### Milestone 2 Documentation 

Michael Downs, Cameron Hickert, Dianne Lee, Wisoo Song 

In [39]:
import numpy as np
import os
import re
import sys
from pathlib import Path 
sys.path.append(os.path.dirname(Path(os.getcwd())))
sys.path.append(os.path.dirname(Path(os.getcwd()))+'\\ARRRtomatic_diff')
from ARRRtomatic_diff import functions as adfuncs

#### Introduction

Our software package is an automatic differentiation suite that solves the problem of numerically computing the derivative for an arbitrary function as long as that function can be expressed as the composition of elementary functions. Precise computation of the gradient is of fundamental importance in the sciences and applied mathematics. Many optimization algorithms rely on gradient information. Indeed, the backpropagation algorithm, which is used to train neural networks, is simply gradient descent on the network's weights. Derivatives are also used in root finding methods such as Newton's method, which are used to numerically solve ordinary differential equations when using implicit methods, among other things. Reliable solutions to ODEs are integral to many of the applied sciences. Automatic differentiation offers an improvement over finite difference methods in that automatic differentiation is exact to machine precision and does not suffer nearly as much from numerical stability issues. AD is also better than symbolic differentiation in that it is less computationally expensive.

#### Background

A derivative of a function represents the instantaneous rate of change of that function at a particular point. A vector containing each partial derivative of a multivariate function is known as a gradient and gives the direction of greatest increase at a particular point. A Jacobian of a vector-valued function is a matrix where each row contains the gradient of the corresponding function.

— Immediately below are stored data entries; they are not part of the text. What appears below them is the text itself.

Inductive bequiv : bunch -> bunch -> Prop :=
| beq_refl d : bequiv d d
| beq_sym d1 d2 : bequiv d1 d2 -> bequiv d2 d1
| beq_trans d1 d2 d3 : bequiv d1 d2 -> bequiv d2 d3 -> bequiv d1 d3
| beq_comma_comm d1 d2 : bequiv (BComma d1 d2) (BComma d2 d1)
| beq_comma_assoc d1 d2 d3 :
    bequiv (BComma d1 (BComma d2 d3)) (BComma (BComma d1 d2) d3)
| beq_comma_unit d : bequiv (BComma d BEmpM) d
| beq_semi_comm d1 d2 : bequiv (BSemi d1 d2) (BSemi d2 d1)
| beq_semi_assoc d1 d2 d3 :
    bequiv (BSemi d1 (BSemi d2 d3)) (BSemi (BSemi d1 d2) d3)
| beq_semi_unit d : bequiv (BSemi d BEmpA) d
| beq_ctx c d1 d2 : bequiv d1 d2 -> bequiv (fill c d1) (fill c d2).

Inductive cf : bunch -> form -> Prop :=
| cf_ax a : cf (BForm (FAtom a)) (FAtom a)
| cf_equiv d d' p : cf d' p -> bequiv d d' -> cf d p
| cf_W c d1 d2 p : cf (fill c d1) p -> cf (fill c (BSemi d1 d2)) p
| cf_C c d1 p : cf (fill c (BSemi d1 d1)) p -> cf (fill c d1) p
| cf_empR : cf BEmpM FEmp
| cf_empL c p : cf (fill c BEmpM) p -> cf (fill c (BForm FEmp)) p
| cf_starR d1 d2 p q : cf d1 p -> cf d2 q -> cf (BComma d1 d2) (FStar p q)
| cf_starL c p q r :
    cf (fill c (BComma (BForm p) (BForm q))) r -> cf (fill c (BForm (FStar p q))) r
| cf_wandR d p q : cf (BComma d (BForm p)) q -> cf d (FWand p q)
| cf_wandL c d1 d2 p q r :
    cf d1 p -> cf (fill c (BComma d2 (BForm q))) r ->
    cf (fill c (BComma (BComma d1 d2) (BForm (FWand p q)))) r
| cf_topR : cf BEmpA FTop
| cf_topL c p : cf (fill c BEmpA) p -> cf (fill c (BForm FTop)) p
| cf_andR d1 d2 p q : cf d1 p -> cf d2 q -> cf (BSemi d1 d2) (FAnd p q)
| cf_andL c p q r :
    cf (fill c (BSemi (BForm p) (BForm q))) r -> cf (fill c (BForm (FAnd p q))) r
| cf_impR d p q : cf (BSemi d (BForm p)) q -> cf d (FImp p q)
| cf_impL c d1 d2 p q r :
    cf d1 p -> cf (fill c (BSemi d2 (BForm q))) r ->
    cf (fill c (BSemi (BSemi d1 d2) (BForm (FImp p q)))) r
| cf_botL c p : cf (fill c (BForm FBot)) p
| cf_orR1 d p q : cf d p -> cf d (FOr p q)
| cf_orR2 d p q : cf d q -> cf d (FOr p q)
| cf_orL c p q r :
    cf (fill c (BForm p)) r -> cf (fill c (BForm q)) r -> cf (fill c (BForm (FOr p q))) r.

(* Sets of bunches are predicates on (representative) bunches. *)
Definition bset := bunch -> Prop.

Definition out (p : form) : bset := fun d => cf d p.

Definition subset (X Y : bset) : Prop := forall d, X d -> Y d.
Definition seteq (X Y : bset) : Prop := forall d, X d <-> Y d.

Definition cl (X : bset) : bset :=
  fun d => forall p, subset X (out p) -> out p d.

Definition inC (X : bset) : Prop := seteq X (cl X).

Definition heyting_imp (X Y : bset) : bset :=
  fun d => forall d', X d' -> Y (BSemi d d').

End BI.
Lemma open_ball_const : exists2 t : R, 0 < t & open_ball N (const_mx t%:C).
Proof.
have N1_ge0 : 0 <= N (const_mx 1) by case: N_lattice.
exists (N (const_mx 1) + 1)^-1; first by rewrite invr_gt0 ltr_wpDl.
rewrite /open_ball /= -[t in const_mx t]mulr1 -scalemx_const lattice_normZ.
rewrite Re_normr_real ger0_norm ?invr_ge0 ?addr_ge0 // mulrC ltr_pdivrMr ?ltr_wpDl //.
by rewrite mul1r ltrDl.
Qed.

Lemma cX_gt0 al : 0 < cX N al.
Proof.
have [t t0 tB] := open_ball_const; rewrite -invr_gt0.
apply: lt_le_trans (monom_le_cXV al tB); rewrite Re_normr_monom.
by apply: prodr_gt0 => j _; rewrite mxE Re_normr_real gtr0_norm // exprn_gt0.
Qed.

End LatticeNorm.

Lemma idx_inj n (J : seq (n.-tuple nat)) (l k : 'I_(size J)) :
  uniq J -> (idx J l == idx J k) = (l == k).
Proof. by move=> uJ; rewrite /idx nth_uniq. Qed.

Lemma polyJ_coef_average (R : realType) n (J : seq (n.-tuple nat))
    (c : 'rV[R[i]]_(size J)) (k : 'I_(size J)) (w : 'rV[R[i]]_n) (z : R[i]) m :
  uniq J -> m.-primitive_root z -> (forall (l : 'I_(size J)) j, tnth (idx J l) j < m)%N ->
  \sum_(t : {ffun 'I_n -> 'I_m})
      (\prod_(j < n) z ^+ (t j * (m - tnth (idx J k) j))) *
      polyJ J c (\row_j (z ^+ t j * w ord0 j))
    = (m ^ n)%:R * (c ord0 k * monom (idx J k) w).
Proof.
move=> uJ zP idx_lt.
have term l : \sum_(t : {ffun 'I_n -> 'I_m})
      (\prod_(j < n) z ^+ (t j * (m - tnth (idx J k) j))) *
      (c ord0 l * monom (idx J l) (\row_j (z ^+ t j * w ord0 j)))
    = c ord0 l * monom (idx J l) w * if l == k then (m ^ n)%:R else 0.
  rewrite -idx_inj // -(prim_root_grid_sum zP) // mulr_sumr; apply: eq_bigr => t _.
  rewrite /monom mulrCA -mulrA; congr (_ * _).
  rewrite -!big_split /=; apply: eq_bigr => j _.
  by rewrite mxE exprMn -exprM mulrA -exprD -mulnDr addnC mulrC.
transitivity (\sum_(l < size J) c ord0 l * monom (idx J l) w *
                 if l == k then (m ^ n)%:R else 0).
  rewrite /polyJ; under eq_bigr => t _ do rewrite mulr_sumr.
  by rewrite exchange_big /=; apply: eq_bigr => l _; exact: term.
rewrite (bigD1 k) //= eqxx big1 => [|l /negbTE ->]; last by rewrite mulr0.
by rewrite addr0 mulrC.
Qed.

Section PolyJNorm.
Variables (R : realType) (n : nat) (N : 'rV[R[i]]_n -> R) (J : seq (n.-tuple nat)).
Hypothesis N_lattice : is_lattice_norm N.

Definition polyJ_rnorm (c : 'rV[R[i]]_(size J)) : R := fine (polyJ_norm N J c).

Lemma polyJ_bounded_on_ball c :
  exists b, forall z, open_ball N z -> complex.Re `|polyJ J c z| <= b.
Proof.
exists (\sum_(l < size J) complex.Re `|c ord0 l| * (cX N (idx J l))^-1) => z zB.
rewrite /polyJ; apply: le_trans (Re_normr_sum _ _) _; apply: ler_sum => l _.
by rewrite Re_normrM ler_wpM2l ?Re_normr_ge0 ?(monom_le_cXV N_lattice _ zB).
Qed.

Lemma polyJ_le_rnorm c z :
  open_ball N z -> complex.Re `|polyJ J c z| <= polyJ_rnorm c.
Proof.
move=> zB; apply: le_fine_ereal_sup_image zB; first by exists 0; exact: open_ball0 N_lattice.
exact: polyJ_bounded_on_ball.
Qed.

Lemma polyJ_rnorm_le c b :
  (forall z, open_ball N z -> complex.Re `|polyJ J c z| <= b) -> polyJ_rnorm c <= b.
Proof. by apply: fine_ereal_sup_image_le; exists 0; exact: open_ball0 N_lattice. Qed.

Lemma polyJ_rnorm_ge0 c : 0 <= polyJ_rnorm c.
Proof. exact: le_trans (Re_normr_ge0 _) (polyJ_le_rnorm c (open_ball0 N_lattice)). Qed.

Lemma coef_monom_le_rnorm (c : 'rV[R[i]]_(size J)) (k : 'I_(size J)) w :
  uniq J -> open_ball N w ->
  complex.Re `|c ord0 k| * complex.Re `|monom (idx J k) w| <= polyJ_rnorm c.
Proof.
move=> uJ wB.
(* [m] exceeds every exponent occurring in [J], so distinct multi-indices of [J]
   stay distinct modulo [m]. *)
pose m := (\max_(l < size J) \max_(j < n) tnth (idx J l) j).+1.
have idx_lt (l : 'I_(size J)) j : (tnth (idx J l) j < m)%N.
  rewrite ltnS; apply: leq_trans (leq_bigmax (F := fun j => tnth (idx J l) j) j) _.
  exact: (leq_bigmax (F := fun l : 'I_(size J) => \max_(j < n) tnth (idx J l) j)%N l).
have m_gt0 : (0 < m)%N by [].
have [z zP] : {z : R[i] | m.-primitive_root z}.
  by apply: closed_field_prim_root; rewrite pnatr_eq0.
have z1 : complex.Re `|z| = 1.
  apply: complexI; rewrite -normr_Re; apply/eqP.
  by rewrite -(pexpr_eq1 m_gt0) ?normr_ge0 // -normrX (prim_expr_order zP) normr1.
pose wt (t : {ffun 'I_n -> 'I_m}) := \row_j (z ^+ t j * w ord0 j).
have wtB t : open_ball N (wt t).
  apply: le_lt_trans wB; apply: lattice_norm_le => // j.
  by rewrite mxE Re_normrM Re_normrX z1 expr1n mul1r.
have := polyJ_coef_average c k w uJ zP idx_lt.
move=> /(congr1 (fun x => complex.Re `|x|)); rewrite Re_normrM -(rmorph_nat (real_complex R)).
rewrite Re_normr_real normr_nat Re_normrM => avg.
have mn_gt0 : 0 < (m ^ n)%:R :> R by rewrite ltr0n expn_gt0 m_gt0.
rewrite -(ler_pM2l mn_gt0) -avg.
apply: le_trans (Re_normr_sum _ _) _.
have -> : (m ^ n)%:R * polyJ_rnorm c = \sum_(t : {ffun 'I_n -> 'I_m}) polyJ_rnorm c.
  by rewrite sumr_const card_ffun !card_ord mulr_natl.
apply: ler_sum => t _; rewrite Re_normrM Re_normr_prod.
rewrite (eq_bigr (fun _ => 1)) => [|j _]; last by rewrite Re_normrX z1 expr1n.
by rewrite big1_eq mul1r; exact: polyJ_le_rnorm (wtB t).
Qed.

Lemma coef_le_cX_rnorm (c : 'rV[R[i]]_(size J)) (k : 'I_(size J)) : uniq J ->
  complex.Re `|c ord0 k| <= cX N (idx J k) * polyJ_rnorm c.
Proof.
move=> uJ; have cX_pos := cX_gt0 N_lattice (idx J k).
have [->|ck0] := eqVneq (c ord0 k) 0.
  by rewrite normr0; exact: mulr_ge0 (ltW cX_pos) (polyJ_rnorm_ge0 c).
have ck_gt0 : 0 < complex.Re `|c ord0 k|.
  rewrite lt_def Re_normr_ge0 andbT; apply: contra ck0 => /eqP Re_c0.
  by rewrite -normr_eq0 normr_Re Re_c0 raddf0.
have : (cX N (idx J k))^-1 <= polyJ_rnorm c / complex.Re `|c ord0 k|.
  apply: cXV_le => // w wB; rewrite ler_pdivlMr // mulrC.
  exact: coef_monom_le_rnorm.
rewrite ler_pdivlMr // => le_cXV.
rewrite -[X in X <= _]mul1r -(mulfV (lt0r_neq0 cX_pos)) -mulrA.
by apply: ler_wpM2l => //; exact: ltW.
Qed.

Lemma polyJ_rnorm_le_lambda_hat (c : 'rV[R[i]]_(size J)) (r M : R) :
  0 <= r -> (lambda_hat N J < M%:E)%E ->
  (forall k, complex.Re `|c ord0 k| <= cX N (idx J k) * r) -> polyJ_rnorm c <= M * r.
Proof.
move=> r0 lt_M c_le; apply: polyJ_rnorm_le => z zB.
have sum_lt : \sum_(k < size J) cX N (idx J k) * complex.Re `|monom (idx J k) z| < M.
  by rewrite -lte_fin; apply: le_lt_trans lt_M; apply: ereal_sup_ubound; exists z.
rewrite mulrC; apply: le_trans (ler_wpM2l r0 (ltW sum_lt)).
rewrite /polyJ mulr_sumr; apply: le_trans (Re_normr_sum _ _) (ler_sum _ _) => k _.
rewrite Re_normrM mulrA [r * _]mulrC; apply: ler_wpM2r; first exact: Re_normr_ge0.
exact: c_le.
Qed.

End PolyJNorm.

Theorem theorem2p18 (R : realType) (n : nat) (N : 'rV[R[i]]_n -> R)
  (J : seq (n.-tuple nat)) :
  is_lattice_norm N -> uniq J ->
  projection_constant_le N J (lambda_hat N J).
Proof.
move=> N_lattice uJ Y I [I_linear I_iso] M lt_M.
have coef_ext k : exists F : Y -> R[i], [/\ scalar F, forall c, F (I c) = c ord0 k &
    forall y, `|F y| <= (cX N (idx J k))%:C * `|y|].
  apply: hahn_banach_complex => // [|a c d|c]; first exact/ltW/cX_gt0.
    by rewrite !mxE.
  by rewrite I_iso (normr_Re (c ord0 k)) -rmorphM lecR; exact: coef_le_cX_rnorm.
have [F F_ext] := choice coef_ext.
pose coefs y := \row_k F k y.
exists (fun y => I (coefs y)); split; first split.
- move=> a y y'; rewrite -I_linear; congr I; apply/rowP => k; rewrite !mxE.
  by have [F_scalar _ _] := F_ext k; exact: F_scalar.
- by move=> y; exists (coefs y).
- move=> c; congr I; apply/rowP => k; rewrite mxE.
  by have [_ -> _] := F_ext k.
move=> y; rewrite I_iso (normr_Re y) -rmorphM lecR.
apply: polyJ_rnorm_le_lambda_hat => // [|k]; first exact: Re_normr_ge0.
have [_ _ /(_ y)] := F_ext k; rewrite mxE.
by rewrite (normr_Re (F k y)) (normr_Re y) -rmorphM lecR.
Qed.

Forward-mode automatic differentiation of a function can be conceptualized as 

1. Dividing that function into a composition of elementary operations through a computational graph. Basic elementary operations include:

    1. Addition
    2. Multiplication
    3. Subtraction
    4. Division
    5. Exponentiation
    6. Logarithms
    7. Trigonometric functions
    
2. Iteratively applying the chain rule, a result from calculus for computing the derivative of a composite function, at each step of the computational graph from beginning to end in order to propagate the exact numeric values of the partial derivatives all the way until the final step of the computational graph, which represents the output of the function. The partial derivatives at the final step are with respect to the function's variables and so represent the numeric value of the gradient for a chosen value of the function's variables.

The chain rule describes the differentiation of a composite function, where the derivatives are taken at each step as described by the following diagram: 

![chain rule](./chain_rule.png)

The procedure described above allows for computation of particular classes of multivariate, scalar-valued functions, and can easily be extended to vector-valued functions as well -- simply apply the procedure component-wise to each function.

We illustrate both the graph structure of computations as well as the propagation of the derivatives via the chain rule with an example. As each step in automatic differentiation involves a single elementary function, each of these "steps" can be used as input into an outer function. An example of forward-mode automatic differentiation of the function *sin(2x)* can be seen below, where *x<sub>n</sub>* represents the *n*th step of the function. 

![graph struct](./graph_structure.PNG)

| trace | func        | value   | deriv                 |   dx1 |
|-------|-------------|---------|-----------------------|-------|
| *x<sub>1</sub>* | *x<sub>1</sub>*       | 5     | 1           |     1 |
| *x<sub>2</sub>* | 2*x<sub>1</sub>*      | 10    | 2d*x<sub>1</sub>*          |     2 |
| *x<sub>3</sub>* | sin(*x<sub>2</sub>*) | -.544 | cos(*x<sub>2</sub>*)*dx<sub>2</sub>* | -1.68 |

Essentially, we divide the composite function sin(2x) into the elementary operations *x<sub>1</sub>*=x, *x<sub>2</sub>*=2*x<sub>1</sub>*, and *x<sub>3</sub>*=sin(*x<sub>2</sub>*), and we maintain the derivatives along the way. 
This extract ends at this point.